Speaking of which, who’s that character up there by the turntables in pink leatherjacket and a matching cowboy-hat covered in sequins, if it isn’t Rat Salad himself? He tried to hide when he noticed us and pretended to be someone else when we asked if it was him, clearly embarrassed by the situation. This wasn’t exactly the kind of R’n’R-scenes he normally frequented, in fact this wasn’t his scene at all. And the clothes wasn’t really his either, but something Qubert had payed him to wear for the occasion. Though even if he hated them he looked as cool as ever. Like a glammed-up disco-version of Attilla the Hun. We wanted to take his photos but he refused and succeeded to hide from the camera. This was waaaay too commercial and mainstream for the Rat and he didn’t want to be seen as a sell-out. Our guess is he had to take the gig to pay all the drug-debt to the bikers while José was held captive at home. He simply had no choice but to take Qubert´s offer. And since this was a venue that demanded a certain level of public courtship, Rat had brought some records for the set that he thought would fit into the occasion and be easy enough on the ears of the audience. But that doesn’t mean it’s not full of weirdness and that distinctive rat’n’roll -attitude. It’s Rat Salad we’re talking about here after all. Besides the band itself have always been experimenting with different styles so his taste is clearly eclectic. Either way none of the music played in this mix haven’t some sort of connection to the world of R’n’R. You might say that this is electronic dance music made by rockers, punks and utter freaks. Well, who cares about labels anywho? Rat sure don’t, especially not after a couple of whiskeys. Mean, Johnny Walker Red Label tastes the same as Johnny Walker Black Label when you’re drunk doesn’t it? And the same goes for music, the more you consume the less you care for labels. Point being, who the fudge cares?
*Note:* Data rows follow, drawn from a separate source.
(* If the atoms of H have bounded norm, they lie in a finite box, factorizations
   are multiplicity vectors on it, and a relation is a pair of factorizations of
   one element.  Every relation splits into minimal ones, so its length ratio is
   at most the largest ratio of a minimal relation; that maximum exists because,
   by Dickson's lemma, minimal relations cannot carry a strictly increasing
   sequence of ratios.  Hence rho(H) is attained, and rational.
   If the atoms have unbounded norm, polyhedrality of the cone gives M such that
   a positive multiple D a of each a in H is a sum of nonzero elements of norm at
   most M.  For an atom a, D a then has factorizations of lengths D and at least
   D |a| / M, so rho(H) >= |a| / M is unbounded.
   The rank hypothesis only serves to make H nontrivial. *)

Section Vectors.
Variable n : nat.
Implicit Types (a b z : {ffun 'I_n -> nat}) (s : seq {ffun 'I_n -> nat}).

Definition vnorm a : nat := \sum_i a i.

Lemma vsumE s i : vsum s i = \sum_(a <- s) a i.
Proof.
elim: s => [|a s IH]; first by rewrite ffunE big_nil.
by rewrite /= ffunE big_cons IH.
Qed.

Lemma vsum_cat s1 s2 : vsum (s1 ++ s2) = vadd (vsum s1) (vsum s2).
Proof. by apply/ffunP => i; rewrite ffunE !vsumE big_cat. Qed.

Lemma vnorm_vzero : vnorm (vzero n) = 0.
Proof. by rewrite /vnorm big1 // => i _; rewrite ffunE. Qed.

Lemma vnorm_vadd a b : vnorm (vadd a b) = vnorm a + vnorm b.
Proof. by rewrite /vnorm -big_split; apply: eq_bigr => i _; rewrite ffunE. Qed.

Lemma vnorm_vsum s : vnorm (vsum s) = \sum_(a <- s) vnorm a.
Proof.
elim: s => [|a s IH]; first by rewrite big_nil vnorm_vzero.
by rewrite big_cons /= vnorm_vadd IH.
Qed.

Lemma vnorm_eq0 a : (vnorm a == 0) = (a == vzero n).
Proof.
rewrite /vnorm sum_nat_eq0; apply/forallP/eqP => [a0|-> i]; last by rewrite ffunE.
by apply/ffunP => i; rewrite ffunE; apply/eqP/a0.
Qed.

Lemma vnorm_vsum_le M s :
  (forall a, a \in s -> vnorm a <= M) -> vnorm (vsum s) <= M * size s.
Proof.
move=> sM; rewrite vnorm_vsum -sum1_size big_distrr /= !big_seq.
by apply: leq_sum => a /sM; rewrite muln1.
Qed.

Lemma vnorm_vsum_nseq D a : vnorm (vsum (nseq D a)) = D * vnorm a.
Proof. by rewrite vnorm_vsum big_nseq iter_addn_0 mulnC. Qed.

Local Open Scope ring_scope.

Lemma embed_vzero : embed (vzero n) = 0.
Proof. by apply/rowP => i; rewrite !mxE ffunE. Qed.

Lemma embed_vadd a b : embed (vadd a b) = embed a + embed b.
Proof. by apply/rowP => i; rewrite !mxE ffunE natrD. Qed.

Lemma embed_inj : injective (@embed n).
Proof.
move=> a b /rowP eab; apply/ffunP => i.
by have /eqP := eab i; rewrite !mxE eqr_nat => /eqP.
Qed.

Lemma embed_vsum_nseq D a : embed (vsum (nseq D a)) = D%:R *: embed a.
Proof.
elim: D => [|D IH] /=; first by rewrite embed_vzero scale0r.
by rewrite embed_vadd IH mulrS scalerDl scale1r.
Qed.

Lemma embed_vsum_flatten_nseq D s :
  embed (vsum (flatten (nseq D s))) = D%:R *: embed (vsum s).
Proof.
elim: D => [|D IH] /=; first by rewrite embed_vzero scale0r.
by rewrite vsum_cat embed_vadd IH mulrS scalerDl scale1r.
Qed.

End Vectors.

Section Factorizations.
Variables (n : nat) (H : set {ffun 'I_n -> nat}).
Hypothesis sH : submonoid H.
Implicit Types (a b z : {ffun 'I_n -> nat}) (s : seq {ffun 'I_n -> nat}).

Lemma submonoid_vsum s : (forall a, a \in s -> H a) -> H (vsum s).
Proof.
elim: s => [|a s IH] s_H /=; first exact: sH.1.
apply: sH.2; first by apply: s_H; rewrite mem_head.
by apply: IH => b bs; apply: s_H; rewrite inE bs orbT.
Qed.

Lemma atom_vnorm_gt0 a : atom H a -> 0 < vnorm a.
Proof. by move=> [_ [a0 _]]; rewrite lt0n vnorm_eq0; apply/eqP. Qed.

Lemma factorization_exists z : H z ->
  exists s, (forall a, a \in s -> atom H a) /\ vsum s = z.
Proof.
move: {2}(vnorm z) (leqnn (vnorm z)) => m; elim: m z => [|m IH] z zm Hz.
  by exists [::]; split => //; apply/esym/eqP; rewrite -vnorm_eq0 -leqn0.
have [z0|z0] := eqVneq z (vzero n); first by exists [::]; rewrite z0.
have [az|not_atom] := pselect (atom H z).
  exists [:: z]; split; first by move=> a; rewrite inE => /eqP ->.
  by apply/ffunP => i; rewrite /= !ffunE addn0.
have [a [b [Ha Hb zab a0 b0]]] :
    exists a b, [/\ H a, H b, z = vadd a b, a <> vzero n & b <> vzero n].
  apply: contra_notP not_atom => nsplit; split => //; split; first exact/eqP.
  move=> a b Ha Hb zab; apply: contrapT => /not_orP [a0 b0].
  by apply: nsplit; exists a, b.
have a_gt0 : 0 < vnorm a by rewrite lt0n vnorm_eq0; apply/eqP.
have b_gt0 : 0 < vnorm b by rewrite lt0n vnorm_eq0; apply/eqP.
move: zm; rewrite zab vnorm_vadd => le_m.
have [sa [sa_atoms <-]] := IH a ltac:(lia) Ha.
have [sb [sb_atoms <-]] := IH b ltac:(lia) Hb.
exists (sa ++ sb); split; last exact: vsum_cat.
by move=> c; rewrite mem_cat => /orP [/sa_atoms|/sb_atoms].
Qed.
In context of the evening and the event maybe this is amongst Rat’s sleaziest sets ? A cheeky and shameless partymix. Starting out with some beautiful, lush cosmic 70’s vibes before continuing into more new romantics and industrial landscapes and furter into everything from new wave, psych-rock, disco-punk, freak-muzak, art rock, kraut rock, to electro and synth pop. And after smelling some of the Colombian White Lady that was passed around at the party, Rat eased into his new version of himself and delivered the task with genuine excitement as you could see he was grinning to himself, wider and wider with animated gestures and dancing cheerfully to his set in his pink clothes. This was a feel-good summer party-night and this sure became a feel-good summer party-mix.
We ended up in custody the next morning, together with Rat and Qubert. The host of the evening bailed us out, but that’s a whole different story…
At least we managed to plug into the system and recorded Rat’s entire set that evening for your enjoyment.